• _WORK INSTRUCTION_
Output only the lines below that start at the line containing "by rewrite (ge0_integralZl_EFin _ mD fE0" and end at the line containing "Proof. by rewrite", with both ends kept.

[Dataset entries]
****************
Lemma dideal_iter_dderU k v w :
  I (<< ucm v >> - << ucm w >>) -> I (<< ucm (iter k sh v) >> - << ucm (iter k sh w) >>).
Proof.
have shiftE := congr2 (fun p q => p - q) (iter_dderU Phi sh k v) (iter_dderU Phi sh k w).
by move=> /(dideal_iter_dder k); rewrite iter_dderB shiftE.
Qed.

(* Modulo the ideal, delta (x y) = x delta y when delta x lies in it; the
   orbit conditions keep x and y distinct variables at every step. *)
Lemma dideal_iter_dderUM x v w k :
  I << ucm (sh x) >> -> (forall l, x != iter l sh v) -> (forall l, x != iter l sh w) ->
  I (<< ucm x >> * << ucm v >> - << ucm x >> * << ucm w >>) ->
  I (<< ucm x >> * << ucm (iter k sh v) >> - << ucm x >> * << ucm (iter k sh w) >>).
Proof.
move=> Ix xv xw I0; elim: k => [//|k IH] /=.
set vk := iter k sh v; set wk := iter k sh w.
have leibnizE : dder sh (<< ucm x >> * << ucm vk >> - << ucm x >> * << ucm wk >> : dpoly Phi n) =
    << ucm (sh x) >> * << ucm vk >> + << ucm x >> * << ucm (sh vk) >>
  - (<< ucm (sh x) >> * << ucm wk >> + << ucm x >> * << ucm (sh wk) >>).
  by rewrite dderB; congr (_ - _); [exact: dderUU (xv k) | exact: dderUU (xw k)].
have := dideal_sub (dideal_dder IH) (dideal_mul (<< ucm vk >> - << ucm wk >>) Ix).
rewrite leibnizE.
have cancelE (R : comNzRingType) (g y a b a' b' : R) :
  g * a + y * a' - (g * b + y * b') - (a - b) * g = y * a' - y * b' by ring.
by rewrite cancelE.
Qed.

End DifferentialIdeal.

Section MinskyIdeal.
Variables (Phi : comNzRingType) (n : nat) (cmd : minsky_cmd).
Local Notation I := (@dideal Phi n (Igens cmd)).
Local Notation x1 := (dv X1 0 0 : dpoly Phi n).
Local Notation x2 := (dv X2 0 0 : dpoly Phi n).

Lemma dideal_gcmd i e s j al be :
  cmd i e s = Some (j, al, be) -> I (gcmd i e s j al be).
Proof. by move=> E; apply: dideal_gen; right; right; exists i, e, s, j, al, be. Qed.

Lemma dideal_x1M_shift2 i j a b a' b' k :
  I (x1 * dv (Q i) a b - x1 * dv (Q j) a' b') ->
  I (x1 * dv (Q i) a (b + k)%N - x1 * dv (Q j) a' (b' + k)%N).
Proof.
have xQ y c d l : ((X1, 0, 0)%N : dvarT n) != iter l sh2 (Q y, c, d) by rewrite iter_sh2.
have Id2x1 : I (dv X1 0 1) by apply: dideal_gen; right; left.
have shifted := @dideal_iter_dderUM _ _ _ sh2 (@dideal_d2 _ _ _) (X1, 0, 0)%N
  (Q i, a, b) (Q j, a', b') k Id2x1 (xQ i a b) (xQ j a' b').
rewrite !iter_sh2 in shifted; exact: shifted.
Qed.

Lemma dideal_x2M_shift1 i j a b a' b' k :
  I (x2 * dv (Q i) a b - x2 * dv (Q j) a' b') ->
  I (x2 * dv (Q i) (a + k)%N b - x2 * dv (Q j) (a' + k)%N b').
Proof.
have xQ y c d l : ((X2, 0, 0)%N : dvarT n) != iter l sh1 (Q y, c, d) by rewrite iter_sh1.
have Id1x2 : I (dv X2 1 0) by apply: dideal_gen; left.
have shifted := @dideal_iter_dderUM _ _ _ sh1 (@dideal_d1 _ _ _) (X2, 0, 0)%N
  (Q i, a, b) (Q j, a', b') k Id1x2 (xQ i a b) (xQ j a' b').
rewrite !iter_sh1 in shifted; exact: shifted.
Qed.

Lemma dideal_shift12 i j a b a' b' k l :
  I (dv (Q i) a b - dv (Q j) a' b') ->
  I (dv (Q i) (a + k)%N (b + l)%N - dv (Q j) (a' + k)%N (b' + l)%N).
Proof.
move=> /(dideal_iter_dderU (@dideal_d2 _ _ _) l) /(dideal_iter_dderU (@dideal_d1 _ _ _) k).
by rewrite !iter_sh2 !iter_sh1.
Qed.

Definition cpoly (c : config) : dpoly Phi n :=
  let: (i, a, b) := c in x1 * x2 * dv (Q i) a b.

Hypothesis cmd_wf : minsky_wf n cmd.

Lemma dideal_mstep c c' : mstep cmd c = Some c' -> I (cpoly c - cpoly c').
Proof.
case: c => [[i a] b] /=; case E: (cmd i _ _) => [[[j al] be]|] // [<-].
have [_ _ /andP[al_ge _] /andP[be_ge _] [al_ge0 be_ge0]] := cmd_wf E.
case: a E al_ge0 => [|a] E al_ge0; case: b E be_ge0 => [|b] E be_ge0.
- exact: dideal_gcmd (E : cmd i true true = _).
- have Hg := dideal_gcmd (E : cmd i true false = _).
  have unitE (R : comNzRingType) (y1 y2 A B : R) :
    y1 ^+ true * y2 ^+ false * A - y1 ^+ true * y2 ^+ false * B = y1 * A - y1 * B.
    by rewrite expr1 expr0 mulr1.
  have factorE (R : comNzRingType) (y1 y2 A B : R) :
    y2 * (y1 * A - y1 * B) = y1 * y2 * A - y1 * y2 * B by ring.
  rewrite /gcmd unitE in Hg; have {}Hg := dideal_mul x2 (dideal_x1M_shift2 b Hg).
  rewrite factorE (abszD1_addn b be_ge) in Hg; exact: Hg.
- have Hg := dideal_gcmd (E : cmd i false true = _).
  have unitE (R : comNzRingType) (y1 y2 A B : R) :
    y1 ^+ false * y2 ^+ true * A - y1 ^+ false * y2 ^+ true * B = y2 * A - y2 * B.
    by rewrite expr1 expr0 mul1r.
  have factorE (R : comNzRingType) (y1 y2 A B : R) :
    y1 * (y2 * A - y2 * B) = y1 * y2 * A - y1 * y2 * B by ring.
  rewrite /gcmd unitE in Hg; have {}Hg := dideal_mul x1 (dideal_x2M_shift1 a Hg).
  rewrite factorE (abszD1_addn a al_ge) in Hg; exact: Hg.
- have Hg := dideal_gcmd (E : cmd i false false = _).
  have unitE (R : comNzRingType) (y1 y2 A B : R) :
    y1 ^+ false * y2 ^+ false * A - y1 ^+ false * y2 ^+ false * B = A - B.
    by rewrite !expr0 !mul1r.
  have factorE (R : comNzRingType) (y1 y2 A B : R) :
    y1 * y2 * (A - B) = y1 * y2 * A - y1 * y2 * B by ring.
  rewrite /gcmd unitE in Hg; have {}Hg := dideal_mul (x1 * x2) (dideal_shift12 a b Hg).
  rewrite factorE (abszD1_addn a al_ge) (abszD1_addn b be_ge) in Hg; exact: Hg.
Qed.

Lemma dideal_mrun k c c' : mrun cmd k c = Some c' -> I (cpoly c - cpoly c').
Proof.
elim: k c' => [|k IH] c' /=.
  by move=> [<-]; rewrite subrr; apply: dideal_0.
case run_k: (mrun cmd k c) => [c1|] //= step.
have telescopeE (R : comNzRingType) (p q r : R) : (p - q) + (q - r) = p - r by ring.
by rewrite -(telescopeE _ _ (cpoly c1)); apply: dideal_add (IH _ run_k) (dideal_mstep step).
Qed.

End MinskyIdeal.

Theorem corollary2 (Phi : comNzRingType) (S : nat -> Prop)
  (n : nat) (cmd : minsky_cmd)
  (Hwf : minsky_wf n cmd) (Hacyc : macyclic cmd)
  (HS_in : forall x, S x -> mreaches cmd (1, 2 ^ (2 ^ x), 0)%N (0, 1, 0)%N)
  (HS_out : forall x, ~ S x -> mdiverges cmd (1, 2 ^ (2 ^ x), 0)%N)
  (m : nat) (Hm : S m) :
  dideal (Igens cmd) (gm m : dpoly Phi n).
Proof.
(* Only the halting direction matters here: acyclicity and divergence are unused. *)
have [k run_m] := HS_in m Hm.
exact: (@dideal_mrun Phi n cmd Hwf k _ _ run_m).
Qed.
****************
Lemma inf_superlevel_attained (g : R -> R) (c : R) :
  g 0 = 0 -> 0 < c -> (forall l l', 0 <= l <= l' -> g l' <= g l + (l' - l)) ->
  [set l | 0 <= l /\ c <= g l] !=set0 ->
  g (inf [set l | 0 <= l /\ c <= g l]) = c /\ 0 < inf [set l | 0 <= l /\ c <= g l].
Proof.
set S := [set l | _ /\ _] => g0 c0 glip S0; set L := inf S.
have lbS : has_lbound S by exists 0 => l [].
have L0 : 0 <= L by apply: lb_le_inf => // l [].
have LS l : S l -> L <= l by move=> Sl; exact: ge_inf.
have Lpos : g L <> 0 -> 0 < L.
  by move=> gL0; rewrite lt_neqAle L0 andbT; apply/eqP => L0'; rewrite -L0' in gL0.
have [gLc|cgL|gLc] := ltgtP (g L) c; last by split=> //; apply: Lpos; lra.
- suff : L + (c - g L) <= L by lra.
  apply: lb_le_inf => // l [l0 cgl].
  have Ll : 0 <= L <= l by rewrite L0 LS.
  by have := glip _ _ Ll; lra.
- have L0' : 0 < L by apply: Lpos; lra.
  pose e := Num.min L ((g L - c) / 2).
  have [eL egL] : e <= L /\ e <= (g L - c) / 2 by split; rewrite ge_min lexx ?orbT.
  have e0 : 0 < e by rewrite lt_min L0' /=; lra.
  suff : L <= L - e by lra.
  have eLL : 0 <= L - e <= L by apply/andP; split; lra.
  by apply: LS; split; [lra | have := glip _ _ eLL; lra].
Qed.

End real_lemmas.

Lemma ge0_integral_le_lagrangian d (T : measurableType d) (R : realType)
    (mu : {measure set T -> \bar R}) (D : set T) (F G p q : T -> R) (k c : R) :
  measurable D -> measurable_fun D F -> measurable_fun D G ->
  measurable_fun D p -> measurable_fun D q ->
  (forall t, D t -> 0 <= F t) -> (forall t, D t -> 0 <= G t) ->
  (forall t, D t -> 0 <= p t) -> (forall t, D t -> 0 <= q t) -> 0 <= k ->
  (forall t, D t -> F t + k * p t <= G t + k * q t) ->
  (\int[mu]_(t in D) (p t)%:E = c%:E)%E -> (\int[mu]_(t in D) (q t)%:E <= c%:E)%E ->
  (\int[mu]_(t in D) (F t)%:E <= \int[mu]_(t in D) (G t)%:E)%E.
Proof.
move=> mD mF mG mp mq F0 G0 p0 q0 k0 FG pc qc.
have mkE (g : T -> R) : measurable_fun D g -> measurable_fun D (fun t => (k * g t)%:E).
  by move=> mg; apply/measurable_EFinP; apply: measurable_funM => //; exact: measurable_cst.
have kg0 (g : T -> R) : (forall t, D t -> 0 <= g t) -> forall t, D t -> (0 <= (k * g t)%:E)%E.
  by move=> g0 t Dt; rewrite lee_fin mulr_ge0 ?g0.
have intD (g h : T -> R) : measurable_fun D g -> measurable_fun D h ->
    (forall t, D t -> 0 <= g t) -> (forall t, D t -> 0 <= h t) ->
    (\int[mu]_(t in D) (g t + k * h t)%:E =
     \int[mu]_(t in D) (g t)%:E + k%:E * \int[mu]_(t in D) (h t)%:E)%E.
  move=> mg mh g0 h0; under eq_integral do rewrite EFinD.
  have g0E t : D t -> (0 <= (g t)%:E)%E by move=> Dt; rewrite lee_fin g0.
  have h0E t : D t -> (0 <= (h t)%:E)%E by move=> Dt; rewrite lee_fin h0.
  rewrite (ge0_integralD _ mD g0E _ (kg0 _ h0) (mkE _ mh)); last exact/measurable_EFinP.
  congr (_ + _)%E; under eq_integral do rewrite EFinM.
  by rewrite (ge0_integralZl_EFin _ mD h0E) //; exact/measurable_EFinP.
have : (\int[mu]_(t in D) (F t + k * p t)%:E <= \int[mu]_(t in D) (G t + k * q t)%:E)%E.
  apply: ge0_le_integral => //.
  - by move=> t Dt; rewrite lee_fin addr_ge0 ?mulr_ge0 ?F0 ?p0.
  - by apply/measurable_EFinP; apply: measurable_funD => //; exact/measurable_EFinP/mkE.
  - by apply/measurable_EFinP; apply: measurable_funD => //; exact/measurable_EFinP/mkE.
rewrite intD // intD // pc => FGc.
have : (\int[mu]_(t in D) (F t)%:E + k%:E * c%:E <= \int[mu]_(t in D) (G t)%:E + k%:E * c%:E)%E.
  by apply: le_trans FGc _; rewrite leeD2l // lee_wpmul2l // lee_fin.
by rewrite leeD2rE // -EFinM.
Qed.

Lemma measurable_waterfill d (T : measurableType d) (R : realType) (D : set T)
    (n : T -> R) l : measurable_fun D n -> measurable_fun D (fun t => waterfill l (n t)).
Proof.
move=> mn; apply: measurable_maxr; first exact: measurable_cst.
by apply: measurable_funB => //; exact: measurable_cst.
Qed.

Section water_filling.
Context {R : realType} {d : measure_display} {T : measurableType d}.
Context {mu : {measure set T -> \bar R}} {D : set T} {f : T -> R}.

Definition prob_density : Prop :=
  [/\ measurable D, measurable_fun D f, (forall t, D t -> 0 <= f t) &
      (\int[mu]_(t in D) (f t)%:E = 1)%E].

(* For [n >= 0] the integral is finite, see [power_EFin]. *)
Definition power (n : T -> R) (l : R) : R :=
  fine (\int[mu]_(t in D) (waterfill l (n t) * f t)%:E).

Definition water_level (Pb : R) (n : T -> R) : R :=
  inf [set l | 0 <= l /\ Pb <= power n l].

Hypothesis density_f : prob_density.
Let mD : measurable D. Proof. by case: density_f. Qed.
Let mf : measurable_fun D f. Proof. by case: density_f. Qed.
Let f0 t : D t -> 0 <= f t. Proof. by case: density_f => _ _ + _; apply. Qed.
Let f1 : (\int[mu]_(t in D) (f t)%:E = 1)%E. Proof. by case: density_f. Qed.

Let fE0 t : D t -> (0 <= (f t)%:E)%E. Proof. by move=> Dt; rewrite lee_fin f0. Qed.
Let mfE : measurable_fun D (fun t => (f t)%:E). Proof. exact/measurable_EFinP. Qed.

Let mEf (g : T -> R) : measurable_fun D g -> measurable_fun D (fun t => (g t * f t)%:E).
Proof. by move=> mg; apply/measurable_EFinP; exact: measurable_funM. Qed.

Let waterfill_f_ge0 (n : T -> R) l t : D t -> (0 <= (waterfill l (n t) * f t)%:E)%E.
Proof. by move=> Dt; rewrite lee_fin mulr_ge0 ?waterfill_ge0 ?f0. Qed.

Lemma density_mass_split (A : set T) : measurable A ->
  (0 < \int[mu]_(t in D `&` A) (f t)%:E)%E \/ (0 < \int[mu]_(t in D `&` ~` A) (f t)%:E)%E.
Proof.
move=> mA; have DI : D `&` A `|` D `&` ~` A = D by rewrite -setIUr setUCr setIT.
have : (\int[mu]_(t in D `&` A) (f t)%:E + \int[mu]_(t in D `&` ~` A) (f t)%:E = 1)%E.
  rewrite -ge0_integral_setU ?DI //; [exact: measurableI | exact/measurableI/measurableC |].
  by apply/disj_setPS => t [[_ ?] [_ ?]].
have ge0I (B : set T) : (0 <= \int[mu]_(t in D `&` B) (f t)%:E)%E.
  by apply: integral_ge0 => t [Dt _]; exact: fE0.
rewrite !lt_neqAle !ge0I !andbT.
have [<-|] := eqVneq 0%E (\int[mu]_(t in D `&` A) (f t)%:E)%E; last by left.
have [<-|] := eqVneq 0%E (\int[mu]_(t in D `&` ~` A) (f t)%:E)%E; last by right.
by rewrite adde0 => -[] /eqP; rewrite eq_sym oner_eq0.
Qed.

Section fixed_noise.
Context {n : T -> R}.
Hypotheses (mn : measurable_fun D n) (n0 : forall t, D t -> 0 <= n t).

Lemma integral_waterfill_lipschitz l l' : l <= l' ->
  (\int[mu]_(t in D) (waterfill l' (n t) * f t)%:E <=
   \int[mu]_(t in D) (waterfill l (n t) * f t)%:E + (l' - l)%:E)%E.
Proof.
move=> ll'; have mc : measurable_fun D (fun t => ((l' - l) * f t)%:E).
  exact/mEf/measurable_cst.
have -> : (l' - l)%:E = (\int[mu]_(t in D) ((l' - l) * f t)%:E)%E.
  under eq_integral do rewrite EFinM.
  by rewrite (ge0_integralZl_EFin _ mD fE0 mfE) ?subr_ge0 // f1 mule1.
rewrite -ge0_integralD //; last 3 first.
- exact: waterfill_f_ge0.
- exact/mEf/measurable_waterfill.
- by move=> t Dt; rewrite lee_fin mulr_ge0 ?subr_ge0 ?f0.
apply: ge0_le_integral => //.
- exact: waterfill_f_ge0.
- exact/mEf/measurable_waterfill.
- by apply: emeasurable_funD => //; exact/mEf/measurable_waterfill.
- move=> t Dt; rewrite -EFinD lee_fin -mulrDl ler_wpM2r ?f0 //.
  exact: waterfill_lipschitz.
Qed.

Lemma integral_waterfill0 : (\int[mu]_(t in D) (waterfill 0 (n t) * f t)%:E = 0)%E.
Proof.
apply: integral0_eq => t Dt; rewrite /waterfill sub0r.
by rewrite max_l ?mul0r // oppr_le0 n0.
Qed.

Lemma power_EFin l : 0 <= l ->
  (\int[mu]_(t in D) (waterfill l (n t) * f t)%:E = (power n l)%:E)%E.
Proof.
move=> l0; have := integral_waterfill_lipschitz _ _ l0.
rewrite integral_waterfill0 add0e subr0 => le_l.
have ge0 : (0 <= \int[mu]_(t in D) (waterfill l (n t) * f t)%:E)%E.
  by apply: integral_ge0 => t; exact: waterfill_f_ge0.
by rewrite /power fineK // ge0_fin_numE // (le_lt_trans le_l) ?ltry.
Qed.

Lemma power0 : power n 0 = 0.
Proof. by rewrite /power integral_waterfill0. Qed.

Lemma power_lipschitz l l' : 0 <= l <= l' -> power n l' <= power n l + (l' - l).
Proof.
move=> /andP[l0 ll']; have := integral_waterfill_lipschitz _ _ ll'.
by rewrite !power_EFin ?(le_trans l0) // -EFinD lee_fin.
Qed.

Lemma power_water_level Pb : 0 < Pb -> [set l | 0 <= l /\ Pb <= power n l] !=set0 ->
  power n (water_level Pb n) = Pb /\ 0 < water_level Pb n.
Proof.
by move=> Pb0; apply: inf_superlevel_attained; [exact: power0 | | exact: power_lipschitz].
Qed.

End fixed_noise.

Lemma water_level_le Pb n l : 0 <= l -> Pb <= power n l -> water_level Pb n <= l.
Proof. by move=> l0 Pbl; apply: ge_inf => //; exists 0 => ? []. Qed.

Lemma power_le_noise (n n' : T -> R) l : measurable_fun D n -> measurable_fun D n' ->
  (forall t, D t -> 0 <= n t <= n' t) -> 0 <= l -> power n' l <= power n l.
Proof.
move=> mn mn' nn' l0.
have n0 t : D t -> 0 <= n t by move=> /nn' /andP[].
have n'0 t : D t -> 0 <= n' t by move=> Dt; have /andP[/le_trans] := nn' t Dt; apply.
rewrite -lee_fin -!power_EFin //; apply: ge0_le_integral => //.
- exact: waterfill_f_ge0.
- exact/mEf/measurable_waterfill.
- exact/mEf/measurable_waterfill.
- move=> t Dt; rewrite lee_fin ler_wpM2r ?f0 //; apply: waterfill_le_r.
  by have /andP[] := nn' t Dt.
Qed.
****************
• _OUTPUT_
  by rewrite (ge0_integralZl_EFin _ mD fE0 mfE) ?subr_ge0 // f1 mule1.
rewrite -ge0_integralD //; last 3 first.
- exact: waterfill_f_ge0.
- exact/mEf/measurable_waterfill.
- by move=> t Dt; rewrite lee_fin mulr_ge0 ?subr_ge0 ?f0.
apply: ge0_le_integral => //.
- exact: waterfill_f_ge0.
- exact/mEf/measurable_waterfill.
- by apply: emeasurable_funD => //; exact/mEf/measurable_waterfill.
- move=> t Dt; rewrite -EFinD lee_fin -mulrDl ler_wpM2r ?f0 //.
  exact: waterfill_lipschitz.
Qed.

Lemma integral_waterfill0 : (\int[mu]_(t in D) (waterfill 0 (n t) * f t)%:E = 0)%E.
Proof.
apply: integral0_eq => t Dt; rewrite /waterfill sub0r.
by rewrite max_l ?mul0r // oppr_le0 n0.
Qed.

Lemma power_EFin l : 0 <= l ->
  (\int[mu]_(t in D) (waterfill l (n t) * f t)%:E = (power n l)%:E)%E.
Proof.
move=> l0; have := integral_waterfill_lipschitz _ _ l0.
rewrite integral_waterfill0 add0e subr0 => le_l.
have ge0 : (0 <= \int[mu]_(t in D) (waterfill l (n t) * f t)%:E)%E.
  by apply: integral_ge0 => t; exact: waterfill_f_ge0.
by rewrite /power fineK // ge0_fin_numE // (le_lt_trans le_l) ?ltry.
Qed.

Lemma power0 : power n 0 = 0.
Proof. by rewrite /power integral_waterfill0. Qed.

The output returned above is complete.